Monday, August 16, 2010

Life of Pi, Fragile Things

I decided to try Life of Pi pretty randomly.  I remembered hearing good things about it, though I couldn't remember what they were any more, and it was a Booker award winner.  So how bad could it be?

The answer is pretty bad, unfortunately.  I take that back a bit -- the book wasn't terrible, the way, say, Absolute Power was terrible (that one was so bad I couldn't be bothered to write about it).  But it's hard to see how it won the Booker.  I thought that its religious philosophy was jejune (all religions are just different lenses to see God with) and its message about stories pretty thin as well (when you're given two explanations for something, choose the one with the better story).

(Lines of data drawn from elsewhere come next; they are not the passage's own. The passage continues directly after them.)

Lemma joinable_swap sg tu M : joinable sg tu M -> joinable tu sg (map swap_pair M).
Proof.
move=> [M_gt0 gM nz]; split; rewrite ?size_map //; first exact: in_grid_swap.
by move=> x Dx; rewrite join_diff_swap oppr_eq0; apply: nz.
Qed.

Lemma is_antipode_gauss_join sg tu M (G : joinable sg tu M) rho :
  is_antipode (gauss_join G) rho <-> rho \in join_chain tu sg (map swap_pair M).
Proof.
rewrite (join_chainE (joinable_swap G)) inE; split => [[rho_dim rhoE]|/eqP ->].
  apply/eqP; apply: Sing_eq => [|x Dx]; first by rewrite -rho_dim /= size_map.
  rewrite rhoE /= !gauss_join_fun_vresize ?gauss_join_fun_swap //.
  by rewrite -rho_dim /= size_map.
split => [|x /=]; first by rewrite /= size_map.
by rewrite gauss_join_fun_vresize ?gauss_join_fun_swap ?size_map.
Qed.

Lemma apart_sfaceB sg tu j : (0 < sdim tu)%N -> apart sg tu -> apart sg (sface tu j).
Proof. by move=> tu_gt0 /apart_sym /(apart_sfaceA (j := j) tu_gt0) /apart_sym. Qed.

Lemma in_grid_bumpA p q j L : in_grid p q L -> in_grid p.+1 q (map (bumpA j) L).
Proof.
move=> /allP gL; apply/allP => v /mapP [w /gL /andP [le1 le2] ->].
by rewrite /= le2 andbT -ltnS; apply: ltn_bump.
Qed.

Lemma in_grid_bumpB p q j L : in_grid p q L -> in_grid p q.+1 (map (bumpB j) L).
Proof.
move=> /allP gL; apply/allP => v /mapP [w /gL /andP [le1 le2] ->].
by rewrite /= le1 -ltnS; apply: ltn_bump.
Qed.

Lemma join_diff_bumpA sg tu L j n (x : 'rV[R]_n.+1) : (0 < sdim sg)%N ->
  size L = n.+1 -> in_grid (sdim sg).-1 (sdim tu) L -> Delta n x ->
  join_diff sg tu (map (bumpA j) L) n x = join_diff (sface sg j) tu L n x.
Proof.
move=> sg_gt0 sL gL Dx; have coordL k : (k < size L)%N -> _ := in_grid_coord (k := k) gL.
rewrite sL in coordL; rewrite /join_diff; congr (_ - _).
  rewrite /= /sface_fun sg_gt0 andbT asboolT; last first.
    by apply: pushcoord_simplex => // k /coordL [].
  rewrite face_mapE pushcoord_comp => [|k /coordL [] //].
  congr (sfun sg _); apply: eq_pushcoord => k kn.
  by rewrite /coordA (nth_map (0, 0)) // sL.
congr (sfun tu _); apply: eq_pushcoord => k kn.
by rewrite /coordB (nth_map (0, 0)) // sL.
Qed.

Lemma join_diff_bumpB sg tu L j n (x : 'rV[R]_n.+1) : (0 < sdim tu)%N ->
  size L = n.+1 -> in_grid (sdim sg) (sdim tu).-1 L -> Delta n x ->
  join_diff sg tu (map (bumpB j) L) n x = join_diff sg (sface tu j) L n x.
Proof.
move=> tu_gt0 sL gL Dx; have coordL k : (k < size L)%N -> _ := in_grid_coord (k := k) gL.
rewrite sL in coordL; rewrite /join_diff; congr (_ - _).
  congr (sfun sg _); apply: eq_pushcoord => k kn.
  by rewrite /coordA (nth_map (0, 0)) // sL.
rewrite /= /sface_fun tu_gt0 andbT asboolT; last first.
  by apply: pushcoord_simplex => // k /coordL [].
rewrite face_mapE pushcoord_comp => [|k /coordL [] //].
congr (sfun tu _); apply: eq_pushcoord => k kn.
by rewrite /coordB (nth_map (0, 0)) // sL.
Qed.

Lemma join_chain_bumpA sg tu L j : (0 < sdim sg)%N -> (0 < size L)%N ->
  in_grid (sdim sg).-1 (sdim tu) L -> apart sg tu ->
  join_chain sg tu (map (bumpA j) L) = join_chain (sface sg j) tu L.
Proof.
move=> sg_gt0 L_gt0 gL sg_tu.
have G1 : joinable sg tu (map (bumpA j) L).
  by apply: apart_joinable; rewrite ?size_map // -(prednK sg_gt0); apply: in_grid_bumpA.
have G2 : joinable (sface sg j) tu L by apply: apart_joinable => //; exact: apart_sfaceA.
rewrite (join_chainE G1) (join_chainE G2); congr [:: _].
apply: Sing_eq => [|x Dx]; first by rewrite /= size_map.
rewrite /= gauss_join_fun_vresize ?size_map // /gauss_join_fun.
by case: asboolP => // Dx'; rewrite join_diff_bumpA ?size_map ?prednK.
Qed.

On top of that, Martel wants the story to fit into exactly 100 chapters, and there's a lot of forcing that goes into that, including several one-sentence chapters.  Even worse, not only does Pi tell us that the story has 100 chapters, just so we know how clever Martel is, but it doesn't make any sense that Pi should tell us that, since he didn't divide out some of the chapters.

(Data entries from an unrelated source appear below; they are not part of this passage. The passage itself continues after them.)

(* Let $p$ be a lattice norm on $\mathbb{R}^2$ with $p((1,0))=1$ and let $\Phi$ be an Orlicz function satisfying $\lim_{u\to+\infty}\Phi(u)/u=+\infty$. Then for every $x\in L^\Phi(\mu)\setminus\{0\}$ there exists $l\in(0,+\infty)$ such that $$\|x\|_{\Phi,p}=\frac1l\,p\big((1,I_\Phi(lx))\big).$$
   Context: $(\Omega,\Sigma,\mu)$ is a $\sigma$-finite complete measure space, $L^0$ the space of (classes of a.e. equal) real measurable functions. An Orlicz function is a function $\Phi:\mathbb{R}\to[0,\infty)$ which is convex, even, vanishes at $0$ and is not identically zero. $I_\Phi(x)=\int_\Omega\Phi(x(t))\,d\mu\in[0,+\infty]$; $L^\Phi(\mu)=\{x\in L^0: I_\Phi(\lambda x)<\infty\text{ for some }\lambda>0\}$. A lattice norm on $\mathbb{R}^2$ is a norm $p$ with $p((u,v))\le p((u',v'))$ whenever $|u|\le|u'|,|v|\le|v'|$. For such $p$ with $p((1,0))=1$, $\|x\|_{\Phi,p}=\inf_{k>0}\frac1k p((1,I_\Phi(kx)))$ for $x\in L^\Phi(\mu)$, with the convention $p((1,+\infty))=+\infty$. *)

From HB Require Import structures.
From mathcomp Require Import all_boot all_order all_algebra.
From mathcomp Require Import all_classical all_reals all_analysis.
Set Implicit Arguments. Unset Strict Implicit. Unset Printing Implicit Defensive.
Import Order.TTheory GRing.Theory Num.Theory.
Local Open Scope classical_set_scope.
Local Open Scope ring_scope.

Definition orlicz_fun (R : realType) (Phi : R -> R) : Prop :=
  [/\ (forall (a x y : R), 0 <= a -> a <= 1 ->
         Phi (a * x + (1 - a) * y) <= a * Phi x + (1 - a) * Phi y),
      (forall x, Phi (- x) = Phi x),
      Phi 0 = 0 &
      exists x, Phi x != 0].

Definition lattice_norm (R : realType) (p : R * R -> R) : Prop :=
  [/\ (forall v, p v = 0 -> v = (0, 0)),
      (forall (a : R) v, p (a * v.1, a * v.2) = `|a| * p v),
      (forall v w, p (v.1 + w.1, v.2 + w.2) <= p v + p w) &
      (forall u v u' v', `|u| <= `|u'| -> `|v| <= `|v'| -> p (u, v) <= p (u', v'))].

Definition orlicz_modular (R : realType) d (T : measurableType d)
  (mu : {measure set T -> \bar R}) (Phi : R -> R) (x : T -> R) : \bar R :=
  (\int[mu]_(t in setT) (Phi (x t))%:E)%E.

Definition in_orlicz_space (R : realType) d (T : measurableType d)
  (mu : {measure set T -> \bar R}) (Phi : R -> R) (x : T -> R) : Prop :=
  measurable_fun setT x /\
  exists lam : R, 0 < lam /\ (orlicz_modular mu Phi (fun t => (lam * x t)%R) < +oo)%E.

Definition p_ext (R : realType) (p : R * R -> R) (s : \bar R) : \bar R :=
  match s with
  | EFin r => (p (1, r))%:E
  | +oo%E => +oo%E
  | -oo%E => +oo%E (* never used: I_Phi >= 0 *)
  end.

Definition orlicz_p_norm (R : realType) d (T : measurableType d)
  (mu : {measure set T -> \bar R}) (Phi : R -> R) (p : R * R -> R)
  (x : T -> R) : \bar R :=
  ereal_inf [set ((k^-1)%:E * p_ext p (orlicz_modular mu Phi (fun t => (k * x t)%R)))%E
            | k in [set k : R | 0 < k]].

(* F(k) = k^-1 p((1, I_Phi(k x))) is lower semicontinuous on (0, +oo): k |-> I_Phi(k x)
   is nondecreasing and, by monotone convergence along k (1 - 1/(n+1)), left continuous,
   while s |-> p((1, s)) is nondecreasing and continuous up to s = +oo.  F is also
   coercive at both ends of (0, +oo): F(k) >= 1/k since p((1, s)) >= p((1, 0)) = 1, and
   F(k) >= k^-1 p((0, 1)) Phi(k e) mu(|x| >= e), which tends to +oo because x is not
   a.e. zero and Phi(u)/u -> +oo.  A minimizing sequence therefore stays in a compact
   interval [a, b] with a > 0, and lower semicontinuity at one of its cluster points
   shows that the infimum is attained there. *)

From HB Require Import structures.
From mathcomp Require Import all_boot all_order all_algebra.
From mathcomp Require Import all_classical all_reals all_analysis.
From mathcomp Require Import measurable_realfun ring lra.
Import Order.TTheory GRing.Theory Num.Theory numFieldNormedType.Exports.
Local Open Scope classical_set_scope.
Local Open Scope ring_scope.

Definition lower_semicontinuous_at {X : topologicalType} {R : numFieldType}
    (f : X -> \bar R) (x : X) :=
  forall c, (c%:E < f x)%E -> \forall y \near x, (c%:E < f y)%E.

Section lower_semicontinuous_real.
Context {R : realType}.
Implicit Types (f h : R -> \bar R) (a b c l : R).

Lemma lte_exists_fin r (y : \bar R) : (r%:E < y)%E -> exists2 c, r < c & (c%:E < y)%E.
Proof.
case: y => [s||] //; last by exists (r + 1); rewrite ?ltey // ltrDl.
by rewrite lte_fin => rs; exists ((r + s) / 2); rewrite ?lte_fin; lra.
Qed.

Lemma nondecreasing_lower_semicontinuous_at h l :
  (forall j k, 0 <= j -> j <= k -> (h j <= h k)%E) ->
  (forall c, (c%:E < h l)%E -> exists2 j, 0 <= j < l & (c%:E < h j)%E) ->
  lower_semicontinuous_at h l.
Proof.
move=> ndh hl c /hl [j /andP[j0 jl] cj].
near=> k; apply: (lt_le_trans cj); apply: ndh => //.
by apply: ltW; near: k; exact: lt_nbhsr.
Unshelve. all: by end_near.
Qed.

Which brings me to another point -- Martel hammers home his messages in such a sophomoric way that it's almost insulting.  At one point, he goes so far as to have one listener say to another "do you see how these two stories map to each other?  The orangutan is the mother, the cook is the hyena, and so on."  OK, we get it.

Neil Gaiman is another writer who is sometimes too clever by half.  He knows a lot of stuff, and isn't afraid of showing it.  But, as the stories in Fragile Things show, he's willing to give you a glimpse of a story, then get out of the way while you savor it.  His stories can have a haunting quality, because he gives you just enough information for you to get the rest on your own.